HATI rajanya diri. Hati yang mengendalikan tubuh seseorang untuk melakukan sesuatu. “Segumpal daging yang apabila baik, maka baiklah seluruh tubuh dan apabila rusak, maka rusaklah seluruh tubuh,” begitulah dawuh Rasulullah Muhammad saw.
Ibarat cermin, hati adalah sarana memantulnya pancaran (sinar) keagungan Allah swt. dalam diri hamba-Nya. Jika hati dikotori oleh debu-debu atau keruh, maka keruh dan tak jelas pula pancaran yang akan dipantulkan. P
ancaran keagungan tersebut kemudian termanifestasi kepada seluruh gerak-gerik tubuh dan anggota badan hamba tersebut. Debu-debu dan keruh itu ibarat maksiat, dan pembersihnya adalah ibadah. Pancaran itulah fitrah manusia, yang bernama nuurooniyy (baca: nurani) sejenis cahaya. Tak jarang kita memadankan dua kata itu; hati dan nurani menjadi hati nurani.

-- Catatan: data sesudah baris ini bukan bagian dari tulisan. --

Lemma big_refinements (V : nmodType) mu I (phi : {set {set T}} -> V) :
  partition mu I ->
  \sum_(nu | partition nu I && refines nu mu) phi nu =
  \sum_(c | selection mu (fun J nu => partition nu J) c) phi (\bigcup_(J in mu) c J).
Proof.
move=> part_mu.
rewrite (reindex_onto (fun c : {ffun {set T} -> {set {set T}}} => \bigcup_(J in mu) c J)
   (fun nu => [ffun J => if J \in mu then [set B in nu | B \subset J] else set0])); last first.
  move=> nu /andP [part_nu /forallP refine]; apply/setP => B; apply/bigcupP/idP.
    by case=> J J_mu; rewrite ffunE J_mu inE => /andP [].
  move=> B_nu; case/and3P: (part_nu) => cover_nu triv_nu nu_neq0.
  have /set0Pn [x xB] : B != set0 by apply: contraNneq nu_neq0 => <-.
  have : x \in cover mu.
    by rewrite (cover_partition part_mu) -(eqP cover_nu); apply/bigcupP; exists B.
  case/bigcupP => J J_mu xJ; exists J => //; rewrite ffunE J_mu.
  move: xJ; rewrite -{1}(cover_partition (implyP (refine J) J_mu)) => /bigcupP [B' B'_J xB'].
  have B'_nu : B' \in nu by move: B'_J; rewrite inE => /andP [].
  by rewrite (block_eq_of_mem triv_nu B_nu B'_nu xB xB').
apply: eq_bigl => c; apply/andP/forallP => [[/andP [_ /forallP refine] /eqP/ffunP eq_c] J|sel_c].
  rewrite -(eq_c J) ffunE; case: (boolP (J \in mu)) => // J_mu.
  exact: (implyP (refine J) J_mu).
have part_c J : J \in mu -> partition (c J) J by move=> J_mu; have := sel_c J; rewrite J_mu.
split.
  rewrite (partition_bigcup part_mu part_c); apply/forallP => J; apply/implyP => J_mu.
  by rewrite (blocks_sub_bigcup part_mu part_c J_mu) part_c.
apply/eqP/ffunP => J; rewrite ffunE; case: ifP => J_mu.
  exact: (blocks_sub_bigcup part_mu part_c J_mu).
by have := sel_c J; rewrite J_mu => /eqP.
Qed.

End Refinements.

Section PartitionSign.
Variables (R : fieldType) (k : nat).
Local Notation idx := (idx k).
Implicit Types (I J B : idx) (mu nu : {set idx}).

Definition lex_blocks nu : seq idx := sort (relpre (@blockseq k) lexle) (enum nu).

Lemma perm_lex_blocks nu : perm_eq (lex_blocks nu) (enum nu).
Proof. by rewrite /lex_blocks perm_sort. Qed.

Lemma mem_lex_blocks nu B : (B \in lex_blocks nu) = (B \in nu).
Proof. by rewrite (perm_mem (perm_lex_blocks nu)) mem_enum. Qed.

Lemma lex_blocks_uniq nu : uniq (lex_blocks nu).
Proof. by rewrite (perm_uniq (perm_lex_blocks nu)) enum_uniq. Qed.

Lemma big_lex_blocks nu (F : idx -> R) : \prod_(B <- lex_blocks nu) F B = \prod_(B in nu) F B.
Proof. by rewrite (perm_big _ (perm_lex_blocks nu)) big_enum. Qed.

Lemma sgnE nu : sgn R nu = blocks_sign R (lex_blocks nu).
Proof.
rewrite /sgn /part_word sort_map /lex_blocks.
elim: (sort _ _) => [|A L IH] /=; first by rewrite inversions_nil.
rewrite inversions_cat inversions_sorted ?blockseq_sorted // add0n exprD IH.
by rewrite sign_cross_inversions_flatten mulrC.
Qed.

Lemma sgn_set1 I : sgn R [set I] = 1.
Proof. by rewrite sgnE /lex_blocks enum_set1 /= big_nil mulr1. Qed.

BACA JUGA: Maulana Jalaludin Rumi, Sang Pujangga Cinta
Salah satu asma Allah adalah an-Nur, memancarkan cahaya. Al-Qur’an menggambarkan Cahaya-Nya dapat menerangi langit dan bumi, ibarat pelita di dalam kaca, ibarat bintang kejora dan mutiara yang memancarkan sinar yang sangat terang benderang, yang dinyalakan dengan bahan bakar minyak zaitun murni, yang minyaknya saja bisa menerangi meskipun tak ada api. Cahaya yang sangat sempurna, cahaya di atas cahaya. (An-Nur ayat 35).
Cahaya agung tersebut dapat terpancar lewat hati menjadi tingkah laku hamba Allah yang memiliki hati bersih dan kuat. Yang dapat menggerakkan tubuh untuk melakukan kebaikan dan perubahan.
Hati dan pendidikan
Namun, hati yang bersih dan kuat serta pantas memancarkan cahaya keagungan Allah tak bisa begitu saja kita dapatkan. Hati perlu didukung dan diasupi penunjang yang merupakan pendidikan. Semakin baik pendidikan yang menunjang, maka semakin baik pula hati
“Pendidikan adalah hal yang sangat menunjang hati, yang mempengaruhi hati.,” tutur Ustaz Abdul Jalil, Pembina Yayasan Darul Falah Jatiluhur di kediamannya. “Pendidikan Aqidah, yang paling penting pertama yang menentukan keyakinan hati.”
Aqidah ibarat tali, aqad (ikatan) keyakinan antara hamba dan Allah. Keyakinan yang mengikat semua hal kehidupan agar tak bergerak jauh dari Tauhid, mengesakan Allah. Hati yang kuat dengan keyakinan ilmu aqidah, akan kuat pula hubungannya dengan Allah. “Sampai-sampai, orang yang aqidahnya baik dan kuat, sampai menjebloskan dirinya ke penjara, orang itu di penjara dengan hikmah, daripada mengikuti aqidah yang salah.”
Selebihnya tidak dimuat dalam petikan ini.